DESCRIPTION: Gap junctions contain channels for the movement of molecular information between cells. These channels are formed by the assembly of products of the gap junction genes called connexins. Communication between cells via these channels provides a mechanism for transferring small molecules that can regulate and synchronize the activities of cells in specialized multi-cellular systems such as the eye lens. Gap junctional communication has been well documented for some time as an important property between cells in the eye lens. Recently, the PI has targeted the disruption of one of the gap junction genes, a3 connexin, that is preferentially expressed in lens fibers using ES cell technology and mouse embryos. This experimental procedure has resulted in the development of an a3 connexin knockout mouse that contains a lens opacity resembling the human age-dependent nuclear cataract phenotype. Thus, this analysis has provided the first direct evidence for an important role for gap junctions in the physiology of the lens. The long term objective of this project is to understand how alterations in the gap junctional communication pathway that result from disruption of a connexin gene contribute to the formation of a cataract. The analysis will include the further characterization of the animal with the knockout of the a3 connexin gene, as well as the generation of an animal with a disruption of another connexin gene, a8, that is used by lens fiber cells. Once both knockout animals have been generated, homozygote mice containing knockouts of both a3 and a8 connexin genes will be analyzed. The connexin knockout mice will be extensively characterized to determine both morphological and biochemical changes that have taken place that contribute to the observed phenotypes. In addition, an experimental strategy will be applied to try and rescue the a3 connexin knockout mice by using the transgenic expression of a8 connexin in the lens. The generation of these knockout mice will also provide a unique opportunity to identify small biologically relevant molecules that may be transmitted via gap junctional communication to influence the process of cataract formation.

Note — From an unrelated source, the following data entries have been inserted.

Lemma LB1_affine (a b c : R) (x y : 'cV[R]_n) :
  LB1 (a + c * b) (x + c *: y) = LB1 a x + c *: (LB1 b y - LB1 0 0).
Proof. by block_expand; entrywise_ring. Qed.

Definition lax_defect (e r : R) (s : 'cV[R]_n) : 'M[R]_((1 + 1) + (n + 1)) :=
  blk4 0 e%:M 0 0 r%:M 0 0 e%:M s 0 0 0 0 r%:M s^T 0.

Lemma lax_defect_eq0 (r : R) (s : 'cV[R]_n) : r = 0 -> s = 0 -> lax_defect 0 r s = 0.
Proof. by move=> -> ->; rewrite /lax_defect /blk4 raddf0 trmx0 !block_mx0. Qed.

Lemma lax_defect_eqLB4 (r : R) (s : 'cV[R]_n) :
  r = 1 -> s = 0 -> lax_defect 0 r s = LB4 R n.
Proof. by move=> -> ->; rewrite /lax_defect raddf0 trmx0. Qed.

Lemma lax_defect1 (r : R) (s : 'cV[R]_n) : lax_defect 1 r s = LB1 r s.
Proof. by []. Qed.

Lemma is_mxderive_LB (u : R) (v : 'cV[R]_n) zeta :
  is_mxderive (fun s => LB s u v) zeta (LB0 R n).
Proof.
apply: is_mxderive_eq.
  apply: is_mxderiveD (is_mxderive_cst _ _).
  exact: is_mxderive_scale (is_derive_id _ _) (is_mxderive_cst _ _).
by rewrite scaler0 scale1r add0r addr0.
Qed.

End LaxBlocks.

Section LaxPairs.
Variables (R : realType) (n : nat) (A : 'M[R]_n).
Hypothesis skewA : A^T = - A.
Variables (u : R -> R) (v : R -> 'cV[R]_n).
Hypotheses (du : forall z, derivable u z 1) (du1 : forall z, derivable (derive1 u) z 1).
Hypothesis du2 : forall z, derivable (derive1 (derive1 u)) z 1.
Hypotheses (dv : mxderivable v) (dv1 : mxderivable (mxder v)).
Hypothesis dv2 : mxderivable (mxder (mxder v)).

Local Notation u1 := (derive1 u).
Local Notation u2 := (derive1 (derive1 u)).
Local Notation u3 := (derive1 (derive1 (derive1 u))).
Local Notation v1 := (mxder v).
Local Notation v2 := (mxder (mxder v)).
Local Notation v3 := (mxder (mxder (mxder v))).

Let Du z : is_derive z (1 : R) u (u1 z).
Proof. by rewrite derive1E; apply: derivableP. Qed.

Let Du1 z : is_derive z (1 : R) u1 (u2 z).
Proof. by rewrite derive1E; apply: derivableP. Qed.

Let Du2 z : is_derive z (1 : R) u2 (u3 z).
Proof. by rewrite derive1E; apply: derivableP. Qed.

Let trmx_skew_mul (x : 'cV[R]_n) : x^T *m A = - (A *m x)^T.
Proof. by rewrite trmx_mul skewA mulmxN opprK. Qed.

描述：间隙连接包含分子运动的通道，细胞之间的信息。这些通道由以下组件形成：称为连接蛋白的差距连接基因的产物。之间的通信细胞通过这些通道提供了一种机制，能够调节和同步细胞活动的分子，专门的多细胞系统，例如眼睛透镜。间隙连接通讯作为一种眼睛透镜中细胞之间的重要性质。最近，PI 目标是破坏一种差距连接基因a3连接蛋白，该基因使用ES细胞技术在透镜纤维中优先表达，小鼠胚胎这一实验过程导致了一个a3连接蛋白敲除小鼠，含有一个透镜不透明类似的人年龄依赖性核性白内障表型。因此，这一分析为缝隙连接的重要作用提供了第一个直接证据在透镜的生理学中。该项目的长期目标是了解如何改变差距连接通讯途径，由中断的一个连接蛋白基因与白内障的形成有关。该分析将包括进一步表征敲除了 a3连接蛋白基因，以及具有破坏的动物的产生另一个连接蛋白基因a8，被透镜纤维细胞使用。一旦两已经产生了敲除动物，含有敲除的纯合子小鼠将分析A3和A8连接蛋白基因的基因。连接蛋白敲除小鼠将被广泛地表征以确定形态学和已经发生的生化变化，有助于观察到的表型此外，还将应用一种实验策略，并通过使用转基因表达挽救A3连接蛋白敲除小鼠，透镜中的a8连接蛋白。这些基因敲除小鼠的产生也将提供了一个独特的机会，以确定小的生物相关的可以通过间隙连接通讯传递的分子，影响白内障形成的过程。